◆ ACTIVITY ◆
Once you find the line in the listing below that contains "Fixpoint nfa_accept_from (Sigma", copy it and every following line exactly, stopping at the end.

[INFORMATION GIVEN]

(* There is a constant $C$ such that for every two NFAs $A$ and $B$, each with at most $n$ states and over a common alphabet of $m$ input letters, there exist two DFAs $A'$ and $B'$ with at most $C mn$ states and over an alphabet of at most $C mn$ letters such that, for every $r\ge 1$, there is a tower of height $r$ between $L(A)$ and $L(B)$ if and only if there is a tower of height $r$ between $L(A')$ and $L(B')$. In particular, there is an infinite tower between $L(A)$ and $L(B)$ if and only if there is an infinite tower between $L(A')$ and $L(B')$.
   Context: For strings $v=a_1\cdots a_k$ and $w$, $v\preccurlyeq w$ if $w\in\Sigma^*a_1\Sigma^*a_2\Sigma^*\cdots\Sigma^*a_k\Sigma^*$. A sequence $(w_i)_{i=1}^r$ of strings is a tower between languages $K$ and $L$ if $w_1\in K\cup L$ and for all $i=1,\dots,r-1$: $w_i\preccurlyeq w_{i+1}$, $w_i\in K$ implies $w_{i+1}\in L$, and $w_i\in L$ implies $w_{i+1}\in K$; $r$ is its height. An infinite tower is an infinite sequence with the same properties. *)

From mathcomp Require Import all_boot.
Set Implicit Arguments. Unset Strict Implicit. Unset Printing Implicit Defensive.

Definition lang (Sigma : Type) := seq Sigma -> Prop.

Record nfa (Sigma : finType) := NFA {
  nstate : finType;
  ninit : {set nstate};
  nfinal : {set nstate};
  ntrans : nstate -> Sigma -> {set nstate} }.

Fixpoint nfa_accept_from (Sigma : finType) (A : nfa Sigma) (q : nstate A)
    (w : seq Sigma) : bool :=
  match w with
  | [::] => q \in nfinal A
  | a :: w' => [exists q' in ntrans q a, nfa_accept_from q' w']
  end.

Definition nfa_lang (Sigma : finType) (A : nfa Sigma) : lang Sigma :=
  fun w => exists2 q, q \in ninit A & nfa_accept_from q w.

[/INFORMATION GIVEN]

◆ COMPLETED TASK ◆
Fixpoint nfa_accept_from (Sigma : finType) (A : nfa Sigma) (q : nstate A)
    (w : seq Sigma) : bool :=
  match w with
  | [::] => q \in nfinal A
  | a :: w' => [exists q' in ntrans q a, nfa_accept_from q' w']
  end.

Definition nfa_lang (Sigma : finType) (A : nfa Sigma) : lang Sigma :=
  fun w => exists2 q, q \in ninit A & nfa_accept_from q w.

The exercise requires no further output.